Lemma double_odd_mod4 m : odd m -> (2 * m = 2 %[mod 4])%N.
Proof. by move=> m_odd; rewrite -[m in LHS]odd_double_half m_odd; lia. Qed.

Lemma commute_conjV (gT : finGroupType) (u g : gT) : u ^ g^-1 = u -> commute g u.
Proof. by move=> ug; apply/cent1P; rewrite -groupV cent1_conjg ug. Qed.

Section SemidirectRelations.
Variables (gT : finGroupType) (u x y : gT) (N m a b : nat).
Hypotheses (um : u ^+ m = 1) (xNy2 : x ^+ N = y ^+ 2) (xy : x ^ y^-1 = x^-1).
Hypotheses (ux : u ^ x^-1 = u ^+ a) (uy : u ^ y^-1 = u ^+ b).

Let K := <[u]> <*> <[x]> <*> <[y]>.

Lemma card_semidirect_le : #|K| <= #[u] * (2 * #[x]).
Proof.
have nUg g c : u ^ g^-1 = u ^+ c -> g \in 'N(<[u]>).
  by move=> ug; rewrite -groupV inE -cycleJ ug cycle_subG mem_cycle.
have nUxy : <[x]> <*> <[y]> \subset 'N(<[u]>).
  by rewrite join_subG !cycle_subG (nUg _ _ ux) (nUg _ _ uy).
rewrite /K -joingA norm_joinEr //.
apply: leq_trans (_ : _ <= #[u] * #|<[x]> <*> <[y]>|) _.
  by rewrite mul_cardG leq_pmulr ?cardG_gt0.
by rewrite leq_mul // (card_dicyclic_le xNy2 xy).
Qed.

Hypotheses (m_odd : odd m) (coNm : coprime (N * 2) m).

Let y2m : y ^+ (2 * m) = y ^+ 2.
Proof. exact: expg_eqmod (expY4 xNy2 xy) (double_odd_mod4 m_odd). Qed.

Let uNm : u ^+ (N * m) = 1.
Proof. by rewrite mulnC expgM um expg1n. Qed.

● Assignment
Write out each line above containing "Proof".

● Your response
Proof. by move=> m_odd; rewrite -[m in LHS]odd_double_half m_odd; lia. Qed.
Proof. by move=> ug; apply/cent1P; rewrite -groupV cent1_conjg ug. Qed.
Proof.
Proof. exact: expg_eqmod (expY4 xNy2 xy) (double_odd_mod4 m_odd). Qed.
Proof. by rewrite mulnC expgM um expg1n. Qed.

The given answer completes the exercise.